From fa28b0304be8d09171a2e9907e615631efb0a161 Mon Sep 17 00:00:00 2001
From: Hemant Kumar <hemantk@codeaurora.org>
Date: Wed, 13 Jul 2016 12:05:40 -0700
Subject: [PATCH] usb: dwc3: Fix bug in ep disable operation

__dwc3_gadget_ep_disable API doing memset 0 with size
set to DWC3_TRB_NUM. Number of TRBs allocated for gsi
endpoints are less than DWC3_TRB_NUM. This results in
to memory corruption.

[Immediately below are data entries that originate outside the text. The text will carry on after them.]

Lemma relint_translate p (P : 'rV[R]_p -> Prop) x u v :
  relint P x -> P u -> P v -> exists2 t : R, 0 < t & P (x + t *: (u - v)).
Proof.
move=> [Px [e [e_gt0 near_x]]] Pu Pv.
pose M := \sum_i `|u 0 i - v 0 i|.
have M_ge0 : 0 <= M by apply: sumr_ge0.
have le_M i : `|u 0 i - v 0 i| <= M by rewrite /M (bigD1 i) //= lerDl sumr_ge0.
pose t := e / (M + 1).
have t_gt0 : 0 < t by rewrite divr_gt0 // ltr_wpDl.
have tM : t * (M + 1) = e by rewrite /t divfK // gt_eqF // ltr_wpDl.
exists t => //; apply: near_x => [|i]; first exact: aff_translate.
rewrite !mxE addrAC subrr add0r normrM gtr0_norm //.
have := le_M i; nra.
Qed.

End IntegralEquivalence.

Section EdgeLabelledFlows.
Variables (R : realType) (n : nat).

Definition incidence (e : nat * nat) (v : nat) : R := (e.1 == v)%:R - (e.2 == v)%:R.

Lemma incidence_concat u w z v :
  incidence (u, z) v = incidence (u, w) v + incidence (w, z) v.
Proof. by rewrite /incidence addrA subrK. Qed.

Definition balance q (ed : 'I_q -> nat * nat) (x : 'rV[R]_q) (v : nat) : R :=
  \sum_e x 0 e * incidence (ed e) v.

Definition flow_polytope_of q (ed : 'I_q -> nat * nat) (x : 'rV[R]_q) : Prop :=
  (forall e, 0 <= x 0 e) /\
  forall v : 'I_n.+2, balance ed x v = (val v == 0%N)%:R - (val v == n.+1)%:R.

Lemma flow_polytope_nth (E : mgraph) (x : 'rV[R]_(size E)) :
  @flow_polytope R n E x <-> flow_polytope_of (fun e : 'I_(size E) => nth (0, 0)%N E e) x.
Proof.
have sum_cond (P : pred 'I_(size E)) : \sum_(e | P e) x 0 e = \sum_e x 0 e * (P e)%:R.
  by rewrite big_mkcond; apply: eq_bigr => e _; case: (P e); rewrite ?mulr1 ?mulr0.
have balanceE v : balance (fun e : 'I_(size E) => nth (0, 0)%N E e) x v =
    \sum_(e < size E | (nth (0, 0)%N E e).1 == v) x 0 e
    - \sum_(e < size E | (nth (0, 0)%N E e).2 == v) x 0 e.
  by rewrite !sum_cond -sumrB; apply: eq_bigr => e _; rewrite mulrBr.
by split=> -[x_ge0 x_bal]; split=> // v; [rewrite balanceE | rewrite -balanceE]; exact: x_bal.
Qed.

Lemma flow_polytope_of_perm q (s : 'S_q) (ed ed' : 'I_q -> nat * nat) x :
  ed' =1 ed \o s -> flow_polytope_of ed x -> flow_polytope_of ed' (\row_i x 0 (s i)).
Proof.
move=> ed's [x_ge0 x_bal]; split=> [e|v]; first by rewrite mxE.
rewrite -x_bal /balance [RHS](reindex_inj (@perm_inj _ s)).
by apply: eq_bigr => e _; rewrite mxE ed's.
Qed.

Lemma int_equiv_flow_perm q (s : 'S_q) (ed ed' : 'I_q -> nat * nat) :
  ed' =1 ed \o s -> int_equiv (flow_polytope_of ed) (flow_polytope_of ed').
Proof.
move=> ed's; have ed_s : ed =1 ed' \o s^-1%g by move=> x; rewrite /= ed's /= permKV.
apply: (@int_equiv_linear _ _ _ (fun x => \row_i x 0 (s i)) (fun y => \row_i y 0 (s^-1%g i))).
- by move=> t x y; apply/rowP => i; rewrite !mxE.
- by move=> t x y; apply/rowP => i; rewrite !mxE.
- by move=> x; apply/rowP => i; rewrite !mxE permKV.
- by move=> y; apply/rowP => i; rewrite !mxE permK.
- by move=> x /is_int_ptP x_int; apply/is_int_ptP => i; rewrite mxE.
- by move=> y /is_int_ptP y_int; apply/is_int_ptP => i; rewrite mxE.
- by move=> x; apply: flow_polytope_of_perm.
- by move=> y; apply: flow_polytope_of_perm.
Qed.

Lemma int_equiv_flow_perm_eq q (ed : 'I_q -> nat * nat) (E : mgraph) :
  perm_eq [seq ed i | i <- enum 'I_q] E ->
  int_equiv (@flow_polytope R n E) (flow_polytope_of ed) /\
  int_equiv (flow_polytope_of ed) (@flow_polytope R n E).
Proof.
move=> edE; have q_eq : q = size E by rewrite -(perm_size edE) size_map size_enum_ord.
subst q; have /tuple_permP [s edE_s] :
  perm_eq [seq ed i | i <- enum 'I_(size E)] (in_tuple E) := edE.
have ed_s : ed =1 (fun e : 'I_(size E) => nth (0, 0)%N E e) \o s.
  move=> i; have := congr1 (nth (0, 0)%N ^~ i) edE_s.
  rewrite /= (nth_map i) ?size_enum_ord // nth_ord_enum => ->.
  by rewrite (nth_map i) ?size_enum_ord // nth_ord_enum (tnth_nth (0, 0)%N).
split.
  apply: int_equiv_trans (int_equiv_flow_perm ed_s).
  by apply: int_equiv_ext => x; apply: flow_polytope_nth.
apply: int_equiv_trans (int_equiv_flow_perm (s := s^-1%g) _) _.
  by move=> i; rewrite /= ed_s /= permKV.
by apply: int_equiv_ext => x; rewrite flow_polytope_nth.
Qed.

Definition path_flow q (i j : 'I_q) : 'rV[R]_q := \row_e ((e == i)%:R + (e == j)%:R).

Lemma path_flow_mem q (ed : 'I_q -> nat * nat) i j w :
  ed i = (0%N, w) -> ed j = (w, n.+1) -> flow_polytope_of ed (path_flow i j).
Proof.
move=> edi edj; split=> [e|v]; first by rewrite mxE addr_ge0.
have sum_delta k : \sum_e (e == k)%:R * incidence (ed e) v = incidence (ed k) v.
  rewrite (bigD1 k) //= eqxx mul1r big1 ?addr0 // => e /negbTE->.
  by rewrite mul0r.
rewrite /balance (eq_bigr (fun e => (e == i)%:R * incidence (ed e) v
                               + (e == j)%:R * incidence (ed e) v)); last first.
  by move=> e _; rewrite mxE mulrDl.
rewrite big_split /= !sum_delta edi edj.
by rewrite -incidence_concat /incidence /= ![(_ == val v)%N]eq_sym.
Qed.

End EdgeLabelledFlows.

Section Subdivision.
Variables (R : realType) (n r : nat) (h : 'I_r -> nat * nat).

Inductive slot := InEdge of 'I_n | OutEdge of 'I_n | OtherEdge of 'I_r.

Definition in_edge (k : 'I_n) : 'I_(n + n + r) := lshift r (lshift n k).
Definition out_edge (k : 'I_n) : 'I_(n + n + r) := lshift r (rshift n k).
Definition other_edge (l : 'I_r) : 'I_(n + n + r) := rshift (n + n) l.

Definition slot_of (i : 'I_(n + n + r)) : slot :=
  match split i with
  | inl j => match split j with inl k => InEdge k | inr k => OutEdge k end
  | inr l => OtherEdge l
  end.

Variant slot_spec : 'I_(n + n + r) -> slot -> Type :=
  | SlotIn k : slot_spec (in_edge k) (InEdge k)
  | SlotOut k : slot_spec (out_edge k) (OutEdge k)
  | SlotOther l : slot_spec (other_edge l) (OtherEdge l).

Lemma slotP i : slot_spec i (slot_of i).
Proof.
rewrite -(splitK i) /slot_of unsplitK; case: (split i) => [j|l]; last exact: SlotOther.
by rewrite /= -(splitK j) unsplitK; case: (split j) => k; [apply: SlotIn | apply: SlotOut].
Qed.

Lemma slot_of_in k : slot_of (in_edge k) = InEdge k.
Proof. by rewrite /slot_of /in_edge !(unsplitK (inl _)). Qed.
Lemma slot_of_out k : slot_of (out_edge k) = OutEdge k.
Proof. by rewrite /slot_of /out_edge (unsplitK (inl _)) (unsplitK (inr _)). Qed.
Lemma slot_of_other l : slot_of (other_edge l) = OtherEdge l.
Proof. by rewrite /slot_of /other_edge (unsplitK (inr _)). Qed.
Definition slotE := (slot_of_in, slot_of_out, slot_of_other).

Lemma big_slots (T : Type) (idx : T) (op : Monoid.com_law idx) (F : 'I_(n + n + r) -> T) :
  \big[op/idx]_i F i =
  op (\big[op/idx]_k op (F (in_edge k)) (F (out_edge k))) (\big[op/idx]_l F (other_edge l)).
Proof. by rewrite !big_split_ord big_split. Qed.

Lemma eq_in_edge k k' : (in_edge k == in_edge k') = (k == k').
Proof. by rewrite -!val_eqE. Qed.
Lemma eq_out_edge k k' : (out_edge k == out_edge k') = (k == k').
Proof. by rewrite -!val_eqE /= eqn_add2l. Qed.
Lemma in_out_edgeF k k' : (in_edge k == out_edge k') = false.
Proof. by rewrite -val_eqE /= ltn_eqF // ltn_addr. Qed.
Lemma out_in_edgeF k k' : (out_edge k == in_edge k') = false.
Proof. by rewrite eq_sym in_out_edgeF. Qed.
Lemma in_other_edgeF k l : (in_edge k == other_edge l) = false.
Proof. by rewrite -val_eqE /= ltn_eqF // !ltn_addr. Qed.
Lemma out_other_edgeF k l : (out_edge k == other_edge l) = false.
Proof. by rewrite -val_eqE /= ltn_eqF // -addnA ltn_add2l ltn_addr. Qed.
Definition edge_eqE :=
  (eq_in_edge, eq_out_edge, in_out_edgeF, out_in_edgeF, in_other_edgeF, out_other_edgeF).

Definition edgeG (i : 'I_(n + n + r)) : nat * nat :=
  match slot_of i with
  | InEdge k => (0%N, k.+1)
  | OutEdge k => (k.+1, n.+1)
  | OtherEdge l => h l
  end.

Definition edgeGS (S : {set 'I_n}) (i : 'I_(n + n + r)) : nat * nat :=
  match slot_of i with
  | InEdge k => (0%N, n.+1)
  | OutEdge k => if k \in S then (k.+1, n.+1) else (0%N, k.+1)
  | OtherEdge l => h l
  end.

Definition cell (S : {set 'I_n}) (x : 'rV[R]_(n + n + r)) : Prop :=
  flow_polytope_of n edgeG x /\
  forall k, if k \in S then x 0 (in_edge k) <= x 0 (out_edge k)
            else x 0 (out_edge k) <= x 0 (in_edge k).

Definition shortcut (S : {set 'I_n}) (x : 'rV[R]_(n + n + r)) : 'rV[R]_(n + n + r) :=
  \row_i match slot_of i with
  | InEdge k => if k \in S then x 0 (in_edge k) else x 0 (out_edge k)
  | OutEdge k => if k \in S then x 0 (out_edge k) - x 0 (in_edge k)
                 else x 0 (in_edge k) - x 0 (out_edge k)
  | OtherEdge _ => x 0 i
  end.

Definition unshortcut (S : {set 'I_n}) (y : 'rV[R]_(n + n + r)) : 'rV[R]_(n + n + r) :=
  \row_i match slot_of i with
  | InEdge k => if k \in S then y 0 (in_edge k) else y 0 (in_edge k) + y 0 (out_edge k)
  | OutEdge k => if k \in S then y 0 (in_edge k) + y 0 (out_edge k) else y 0 (in_edge k)
  | OtherEdge _ => y 0 i
  end.

Lemma shortcut_linear S : linear (shortcut S).
Proof.
move=> t x y; apply/rowP => i; rewrite !mxE.
by case: slotP => [k|k|l] /=; rewrite ?mxE //; case: (k \in S); rewrite ?mxE; ring.
Qed.

Lemma unshortcut_linear S : linear (unshortcut S).
Proof.
move=> t x y; apply/rowP => i; rewrite !mxE.
by case: slotP => [k|k|l] /=; rewrite ?mxE //; case: (k \in S); rewrite ?mxE; ring.
Qed.

Lemma shortcutK S : cancel (shortcut S) (unshortcut S).
Proof.
move=> x; apply/rowP => i; rewrite !mxE.
by case: slotP => [k|k|l]; rewrite /= ?mxE ?slotE //=; case: (k \in S); ring.
Qed.

Lemma unshortcutK S : cancel (unshortcut S) (shortcut S).
Proof.
move=> y; apply/rowP => i; rewrite !mxE.
by case: slotP => [k|k|l]; rewrite /= ?mxE ?slotE //=; case: (k \in S); ring.
Qed.

Lemma shortcut_int S x : is_int_pt x -> is_int_pt (shortcut S x).
Proof.
move=> /is_int_ptP x_int; apply/is_int_ptP => i; rewrite mxE.
by case: slotP => [k|k|l] //=; case: (k \in S); rewrite ?rpredB.
Qed.

Lemma unshortcut_int S y : is_int_pt y -> is_int_pt (unshortcut S y).
Proof.
move=> /is_int_ptP y_int; apply/is_int_ptP => i; rewrite mxE.
by case: slotP => [k|k|l] //=; case: (k \in S); rewrite ?rpredD.
Qed.

Lemma balance_shortcut S x v :
  balance (edgeGS S) (shortcut S x) v = balance edgeG x v.
Proof.
rewrite /balance !big_slots /=; congr (_ + _); [apply: eq_bigr => k _ | apply: eq_bigr => l _].
  rewrite !mxE /edgeG /edgeGS !slotE (incidence_concat _ 0 k.+1).
  by case: (k \in S); ring.
by rewrite mxE /edgeG /edgeGS slotE.
Qed.

Lemma cell_shortcut S x : cell S x -> flow_polytope_of n (edgeGS S) (shortcut S x).
Proof.
move=> [[x_ge0 x_bal] x_S]; split=> [i|v]; last by rewrite balance_shortcut.
rewrite mxE; case: slotP => [k|k|l] //=; have := x_S k.
  by case: (k \in S).
by case: (k \in S); rewrite subr_ge0.
Qed.

Lemma unshortcut_cell S y : flow_polytope_of n (edgeGS S) y -> cell S (unshortcut S y).
Proof.
move=> [y_ge0 y_bal]; split; [split=> [i|v] | move=> k].
- by rewrite mxE; case: slotP => [k|k|l] //=; case: (k \in S); rewrite ?addr_ge0.
- by rewrite -(balance_shortcut S) unshortcutK.
- rewrite !mxE !slotE /=; have := y_ge0 (out_edge k); have := y_ge0 (in_edge k).
  by case: (k \in S); lra.
Qed.

Lemma int_equiv_cell S : int_equiv (cell S) (flow_polytope_of n (edgeGS S)).
Proof.
apply: (int_equiv_linear (shortcut_linear S) (unshortcut_linear S)).
- exact: shortcutK.
- exact: unshortcutK.
- exact: shortcut_int.
- exact: unshortcut_int.
- exact: cell_shortcut.
- exact: unshortcut_cell.
Qed.

Lemma int_equiv_cells : int_equiv (flow_polytope_of n edgeG) (fun x => exists S, cell S x).
Proof.
apply: int_equiv_ext => x; split=> [x_flow|[S []] //].
exists [set k | x 0 (in_edge k) <= x 0 (out_edge k)]; split=> // k.
by rewrite inE; case: leP => // /ltW.
Qed.

Hypothesis other_sink : forall k : 'I_n, exists l, h l = (k.+1, n.+1).

Lemma cell_not_relint (S T : {set 'I_n}) k x :
  k \in S -> k \notin T -> cell S x -> ~ relint (cell T) x.
Proof.
move=> kS kT [_ x_S] x_T; have [l hl] := other_sink k.
pose u := path_flow R (in_edge k) (out_edge k).
pose v := path_flow R (in_edge k) (other_edge l).
have uT : cell T u.
  split; first by apply: path_flow_mem; rewrite /edgeG slotE.
  by move=> k'; rewrite !mxE !edge_eqE addr0 add0r; case: (_ \in T).
have vT : cell T v.
  split; first by apply: path_flow_mem; rewrite /edgeG slotE ?hl.
  move=> k'; rewrite !mxE !edge_eqE !mulr0n !addr0.
  by case: eqP => [->|_]; rewrite ?(negbTE kT) ?ler01 //; case: (_ \in T).
have [t t_gt0 [_ /(_ k)]] := relint_translate x_T uT vT.
rewrite (negbTE kT) !mxE !edge_eqE eqxx /=; have := x_S k; rewrite kS.
lra.
Qed.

Fix this bug by introducing
num_trbs member in dwc3_ep structure to save number of
trbs allocated in a dma pool upon dma pool creation.
Ep disable operation will use num_trbs of a dwc3_ep to
perform memset 0.

Change-Id: I94b5865ca22b4e1fde0d2cd8dcb218906327a916
Signed-off-by: Hemant Kumar <hemantk@codeaurora.org>
---
 drivers/usb/dwc3/core.h     | 2 ++
 drivers/usb/dwc3/dwc3-msm.c | 2 ++
 drivers/usb/dwc3/gadget.c   | 6 ++++--
 3 files changed, 8 insertions(+), 2 deletions(-)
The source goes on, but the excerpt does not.